#### TASK PROMPT:
Copy every line of the records below that holds the word "then".

#### EXERCISE DATA:
Lemma max_list_ge0 {I} (f : I -> R) l : 0 <= max_list f l.
Proof. induction l; simpl; [lra|]. eapply Rle_trans; [apply IHl | apply Rmax_r]. Qed.

Lemma max_list_ub {I} (f : I -> R) l i : In i l -> f i <= max_list f l.
Proof.
  induction l as [|j l IH]; simpl; [intros []|]. intros [->|H]; [apply Rmax_l|].
  eapply Rle_trans; [apply IH; auto | apply Rmax_r].
Qed.

Lemma max_list_cases {I} (f : I -> R) l :
  max_list f l = 0 \/ exists i, In i l /\ max_list f l = f i.
Proof.
  induction l as [|j l IH]; simpl; auto. destruct (Rle_dec (f j) (max_list f l)).
  - rewrite Rmax_right by auto. destruct IH as [H|[i [H1 H2]]]; eauto.
  - rewrite Rmax_left by lra. eauto.
Qed.

Lemma max_list_in01 {I} (f : I -> R) l : (forall i, In i l -> in01 (f i)) -> in01 (max_list f l).
Proof.
  induction l as [|j l IH]; simpl; intros H; [apply in01_0|].
  pose proof (H j (or_introl eq_refl)).
  assert (in01 (max_list f l)) by (apply IH; auto).
  unfold in01, Rmax in *. destruct Rle_dec; lra.
Qed.

Lemma max_list_ext {I} (f g : I -> R) l : (forall i, In i l -> f i = g i) ->
  max_list f l = max_list g l.
Proof.
  induction l as [|j l IH]; simpl; intros H; auto.
  rewrite H, IH by auto. reflexivity.
Qed.

Lemma Rabs_Rmax_sub_lt a b a' b' e : Rabs (a' - a) < e -> Rabs (b' - b) < e ->
  Rabs (Rmax a' b' - Rmax a b) < e.
Proof.
  intros H1 H2. apply Rabs_def2 in H1. apply Rabs_def2 in H2.
  apply Rabs_def1; unfold Rmax; repeat destruct Rle_dec; lra.
Qed.

Lemma max_list_left_cont {I} (F : R -> I -> R) (P : R -> Prop) l t e : 0 < e ->
  (forall i, In i l -> exists d, 0 < d /\
     forall u, P u -> t - d < u -> u <= t -> Rabs (F u i - F t i) < e) ->
  exists d, 0 < d /\
    forall u, P u -> t - d < u -> u <= t -> Rabs (max_list (F u) l - max_list (F t) l) < e.
Proof.
  intros He H. induction l as [|i l IH]; simpl.
  - exists 1. split; [lra|]. intros. rewrite Rminus_eq_0, Rabs_R0; auto.
  - destruct (H i (or_introl eq_refl)) as [d1 [Hd1 H1]].
    destruct IH as [d2 [Hd2 H2]]; [intros; apply H; simpl; auto|].
    exists (Rmin d1 d2). split; [apply Rmin_pos; auto|]. intros u Pu Hu Hut.
    pose proof (Rmin_l d1 d2). pose proof (Rmin_r d1 d2).
    apply Rabs_Rmax_sub_lt; [apply H1 | apply H2]; auto; lra.
Qed.

Section Cross.
Variable T : R -> R -> R.
Hypothesis HT : cont_tnorm T.
Variables X Y : Type.
Variable MX : X -> X -> R -> R.
Variable MY : Y -> Y -> R -> R.
Hypothesis HMX : fuzzy_metric MX T.
Hypothesis HMY : fuzzy_metric MY T.
Hypothesis NAX : non_archimedean MX T.
Hypothesis NAY : non_archimedean MY T.
Variables k t0 : R.
Hypothesis Hk : in01 k.
Hypothesis Ht0 : 0 < t0.
Variable N : nat.
Variable xs : nat -> X.
Variable ys : nat -> Y.

(* The point [x] is linked to [y] through a pair of net points [xs i] ~ [ys i], each such
   pair being declared [k]-close.  Below [t0] the value is [0]: the nets are only known
   to be compatible above [t0]. *)
Definition cross_term (x : X) (y : Y) (u : R) (i : nat) : R :=
  T (T (MX x (xs i) u) k) (MY (ys i) y u).

Definition cross (x : X) (y : Y) (u : R) : R :=
  if Rlt_dec t0 u then max_list (cross_term x y u) (seq 0 N) else 0.

Ltac solve_in01 := repeat match goal with
  | |- in01 _ => assumption
  | |- in01 (T _ _) => apply (tnorm_in01 T HT)
  | |- in01 (MX _ _ _) => apply (fm_in01 T X MX HMX)
  | |- in01 (MY _ _ _) => apply (fm_in01 T Y MY HMY)
  | |- in01 k => exact Hk
  | |- in01 (max_list _ _) => apply max_list_in01; intros
  | |- in01 (cross_term _ _ _ _) => unfold cross_term
  | |- 0 <= _ => lra
  end.

Ltac tnorm_mono_tac := apply (tnorm_mono T HT); [solve_in01 .. | | ].

Lemma cross_in01 x y u : 0 <= u -> in01 (cross x y u).
Proof. intros. unfold cross; destruct Rlt_dec; [solve_in01 | apply in01_0]. Qed.

Lemma cross_le_t0 x y u : u <= t0 -> cross x y u = 0.
Proof. intros. unfold cross; destruct Rlt_dec; auto; lra. Qed.

Lemma cross_ge0 x y u : 0 <= cross x y u.
Proof. unfold cross; destruct Rlt_dec; [apply max_list_ge0 | lra]. Qed.

Lemma cross_term_le x y u i : t0 < u -> (i < N)%nat -> cross_term x y u i <= cross x y u.
Proof.
  intros. unfold cross. destruct Rlt_dec; [|lra].
  apply max_list_ub. apply in_seq0; auto.
Qed.

Lemma cross_attained x y u : t0 < u ->
  cross x y u = 0 \/ exists i, (i < N)%nat /\ cross x y u = cross_term x y u i.
Proof.
  intros Hu. unfold cross. destruct Rlt_dec; [|lra].
  destruct (max_list_cases (cross_term x y u) (seq 0 N)) as [H|[i [Hi H]]]; auto.
  right. exists i. split; auto. apply in_seq0; auto.
Qed.

Lemma cross_na_left x x' y t s : 0 < t -> 0 < s ->
  T (MX x x' t) (cross x' y s) <= cross x y (Rmax t s).
Proof.
  intros Ht Hs. pose proof (Rmax_l t s) as Hwt. pose proof (Rmax_r t s) as Hws.
  destruct (Rle_lt_dec s t0) as [Hs0|Hs0].
  { rewrite cross_le_t0, (tnorm_0r T HT) by (solve_in01; auto). apply cross_ge0. }
  destruct (cross_attained x' y s Hs0) as [H0|[i [Hi ->]]].
  { rewrite H0, (tnorm_0r T HT) by solve_in01. apply cross_ge0. }
  eapply Rle_trans; [|apply (cross_term_le _ _ _ i); auto; lra]. unfold cross_term.
  rewrite (tnorm_assoc T HT (MX x x' t) (T (MX x' (xs i) s) k)) by solve_in01.
  rewrite (tnorm_assoc T HT (MX x x' t) (MX x' (xs i) s) k) by solve_in01.
  tnorm_mono_tac; [tnorm_mono_tac; [apply (na_le T HT X MX HMX NAX); lra | lra] |].
  apply (fm_mono T HT Y MY HMY NAY); lra.
Qed.

Hypothesis compat : forall i j, (i < N)%nat -> (j < N)%nat -> forall w, t0 < w ->
  T k (MY (ys i) (ys j) w) <= MX (xs i) (xs j) w.

Lemma cross_na_mid x x' y t s : 0 < t -> 0 < s ->
  T (cross x y t) (cross x' y s) <= MX x x' (Rmax t s).
Proof.
  intros Ht Hs. pose proof (Rmax_l t s) as Hwt. pose proof (Rmax_r t s) as Hws.
  set (w := Rmax t s) in *.
  assert (Hw : in01 (MX x x' w)) by solve_in01.
  destruct (Rle_lt_dec t t0) as [Ht0'|Ht0'].
  { rewrite cross_le_t0, (tnorm_0l T HT) by (auto; apply cross_in01; lra). apply Hw. }
  destruct (Rle_lt_dec s t0) as [Hs0|Hs0].
  { rewrite (cross_le_t0 x' y s), (tnorm_0r T HT) by (auto; apply cross_in01; lra).
    apply Hw. }
  destruct (cross_attained x y t Ht0') as [H0|[i [Hi ->]]].
  { rewrite H0, (tnorm_0l T HT) by (apply cross_in01; lra). apply Hw. }
  destruct (cross_attained x' y s Hs0) as [H1|[j [Hj ->]]].
  { rewrite H1, (tnorm_0r T HT) by solve_in01. apply Hw. }
  unfold cross_term.
  set (a := MX x (xs i) t); set (b := MY (ys i) y t).
  set (c := MX x' (xs j) s); set (d := MY (ys j) y s).
  assert (Ha : in01 a) by (unfold a; solve_in01).
  assert (Hb : in01 b) by (unfold b; solve_in01).
  assert (Hc : in01 c) by (unfold c; solve_in01).
  assert (Hd : in01 d) by (unfold d; solve_in01).
  (* Drop the second [k], then regroup as  x ~ xs i ~ xs j ~ x'  with the [Y]-part
     ys i ~ y ~ ys j carried by the compatibility of the nets. *)
  apply Rle_trans with (T (T (T a k) b) (T c d)).
  { tnorm_mono_tac; [lra | tnorm_mono_tac; [apply (tnorm_lel T HT); solve_in01 | lra]]. }
  replace (T (T (T a k) b) (T c d)) with (T a (T (T k (T b d)) c)).
  2:{ rewrite <- (tnorm_assoc T HT (T a k) b (T c d)), <- (tnorm_assoc T HT a k),
        <- (tnorm_assoc T HT k (T b d) c), <- (tnorm_assoc T HT b d c),
        (tnorm_comm T HT d c) by solve_in01. reflexivity. }
  eapply Rle_trans; [|apply (na_le T HT X MX HMX NAX x (xs i) x' t w w); lra].
  tnorm_mono_tac; [apply Rle_refl|].
  eapply Rle_trans; [|apply (na_le T HT X MX HMX NAX (xs i) (xs j) x' w s w); lra].
  tnorm_mono_tac.
  - eapply Rle_trans; [|apply compat; auto; lra]. tnorm_mono_tac; [apply Rle_refl|].
    unfold d. rewrite (fm_sym T Y MY HMY (ys j) y s) by lra.
    apply (na_le T HT Y MY HMY NAY); lra.
  - unfold c. rewrite (fm_sym T X MX HMX x' (xs j) s) by lra. lra.
Qed.

Lemma cross_left_cont x y t : 0 < t -> forall e, 0 < e -> exists d, 0 < d /\
  forall u, 0 <= u -> t - d < u -> u <= t -> Rabs (cross x y u - cross x y t) < e.
Proof.
  intros Ht e He. destruct (Rle_lt_dec t t0) as [Htt0|Htt0].
  { exists t. split; auto. intros u Hu Hlo Hhi.
    rewrite !cross_le_t0, Rminus_eq_0, Rabs_R0 by lra. auto. }
  destruct (max_list_left_cont (fun u => cross_term x y u) (fun u => t0 < u) (seq 0 N) t e He)
    as [d [Hd Hc]].
  { intros i _. unfold cross_term.
    destruct (tnorm_cont T HT (T (MX x (xs i) t) k) (MY (ys i) y t)
      ltac:(solve_in01) ltac:(solve_in01) e He) as [d1 [Hd1 H1]].
    destruct (tnorm_cont T HT (MX x (xs i) t) k ltac:(solve_in01) Hk d1 Hd1) as [d2 [Hd2 H2]].
    destruct (fm_left_cont T X MX HMX x (xs i) t Ht d2 Hd2) as [d3 [Hd3 H3]].
    destruct (fm_left_cont T Y MY HMY (ys i) y t Ht d1 Hd1) as [d4 [Hd4 H4]].
    exists (Rmin d3 d4). split; [apply Rmin_pos; auto|]. intros u Hu Hlo Hhi.
    pose proof (Rmin_l d3 d4). pose proof (Rmin_r d3 d4).
    apply H1; try solve_in01; [apply H2 | apply H4; lra]; try solve_in01.
    - apply H3; lra.
    - rewrite Rminus_eq_0, Rabs_R0; auto. }
  exists (Rmin d (t - t0)). split; [apply Rmin_pos; lra|]. intros u Hu Hlo Hhi.
  pose proof (Rmin_l d (t - t0)). pose proof (Rmin_r d (t - t0)).
  unfold cross. destruct (Rlt_dec t0 u); [|lra]. destruct (Rlt_dec t0 t); [|lra].
  apply Hc; lra.
Qed.

End Cross.

Section Glue.
Variable T : R -> R -> R.
Hypothesis HT : cont_tnorm T.
Variables X Y : Type.
Variable MX : X -> X -> R -> R.
Variable MY : Y -> Y -> R -> R.
Hypothesis HMX : fuzzy_metric MX T.
Hypothesis HMY : fuzzy_metric MY T.
Hypothesis NAX : non_archimedean MX T.
Hypothesis NAY : non_archimedean MY T.
Variables k t0 : R.
Hypothesis Hk : in01 k.
Hypothesis Ht0 : 0 < t0.
Variable N : nat.
Variable xs : nat -> X.
Variable ys : nat -> Y.
Hypothesis compatXY : forall i j, (i < N)%nat -> (j < N)%nat -> forall w, t0 < w ->
  T k (MY (ys i) (ys j) w) <= MX (xs i) (xs j) w.
Hypothesis compatYX : forall i j, (i < N)%nat -> (j < N)%nat -> forall w, t0 < w ->
  T k (MX (xs i) (xs j) w) <= MY (ys i) (ys j) w.

Local Notation crossXY := (cross T X Y MX MY k t0 N xs ys).
Local Notation crossYX := (cross T Y X MY MX k t0 N ys xs).

Lemma cross_swap x y u : crossYX y x u = crossXY x y u.
Proof.
  unfold cross. destruct Rlt_dec as [Hu|]; auto.
  apply max_list_ext. intros i _. unfold cross_term.
  rewrite (fm_sym T X MX HMX (xs i) x), (fm_sym T Y MY HMY y (ys i)) by lra.
  assert (Ha : in01 (MX x (xs i) u)) by (apply (fm_in01 T X MX HMX); lra).
  assert (Hb : in01 (MY (ys i) y u)) by (apply (fm_in01 T Y MY HMY); lra).
  rewrite (tnorm_comm T HT (T _ k)), (tnorm_comm T HT _ k), tnorm_assoc;
    auto using tnorm_in01.
Qed.

Definition glue (p q : X + Y) (u : R) : R :=
  match p, q with
  | inl x, inl x' => MX x x' u
  | inr y, inr y' => MY y y' u
  | inl x, inr y | inr y, inl x => crossXY x y u
  end.

Lemma glue_in01 p q u : 0 <= u -> in01 (glue p q u).
Proof.
  intros Hu. destruct p, q; simpl; try apply cross_in01; auto.
  - apply (fm_in01 T X MX HMX); auto.
  - apply (fm_in01 T Y MY HMY); auto.
Qed.

Lemma glue_refl p u : 0 < u -> glue p p u = 1.
Proof. destruct p; simpl; [apply (fm_refl T X MX HMX) | apply (fm_refl T Y MY HMY)]. Qed.

Lemma glue_non_archimedean : non_archimedean glue T.
Proof.
  intros p q r t s Ht Hs. apply Rle_ge.
  assert (Hcross : forall x y u, 0 < u -> in01 (crossXY x y u))
    by (intros; apply cross_in01; auto; lra).
  destruct p as [x|y], q as [x'|y'], r as [x''|y'']; simpl.
  - apply Rge_le, NAX; auto.
  - apply cross_na_left; auto.
  - apply cross_na_mid; auto.
  - rewrite (tnorm_comm T HT), (fm_sym T Y MY HMY y' y'' s), Rmax_comm, <- !cross_swap
      by (auto; apply (fm_in01 T Y MY HMY); lra).
    apply cross_na_left; auto.
  - rewrite (tnorm_comm T HT), (fm_sym T X MX HMX x' x'' s), Rmax_comm
      by (auto; apply (fm_in01 T X MX HMX); lra).
    apply cross_na_left; auto.
  - rewrite <- !cross_swap. apply cross_na_mid; auto.
  - rewrite <- !cross_swap. apply cross_na_left; auto.
  - apply Rge_le, NAY; auto.
Qed.

Lemma glue_fuzzy_metric : fuzzy_metric glue T.
Proof.
  split; [|split; [|split; [|split; [|split]]]].
  - apply glue_in01.
  - intros [x|y] [x'|y']; simpl; try apply cross_le_t0; try lra.
    + apply (fm_at0 T X MX HMX).
    + apply (fm_at0 T Y MY HMY).
  - intros [x|y] [x'|y']; simpl.
    + rewrite (fm_eq T X MX HMX). split; congruence.
    + split; [intro H | discriminate]. specialize (H t0 Ht0).
      rewrite cross_le_t0 in H; lra.
    + split; [intro H | discriminate]. specialize (H t0 Ht0).
      rewrite cross_le_t0 in H; lra.
    + rewrite (fm_eq T Y MY HMY). split; congruence.
  - intros [x|y] [x'|y'] t Ht; simpl; auto.
    + apply (fm_sym T X MX HMX); auto.
    + apply (fm_sym T Y MY HMY); auto.
  - apply (non_archimedean_triangle T); auto using glue_in01, glue_refl, glue_non_archimedean.
  - intros [x|y] [x'|y'] t Ht; simpl; try apply cross_left_cont; auto.
    + apply (fm_left_cont T X MX HMX); auto.
    + apply (fm_left_cont T Y MY HMY); auto.
Qed.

#### ANSWER BOX:
  if Rlt_dec t0 u then max_list (cross_term x y u) (seq 0 N) else 0.
  (* Drop the second [k], then regroup as  x ~ xs i ~ xs j ~ x'  with the [Y]-part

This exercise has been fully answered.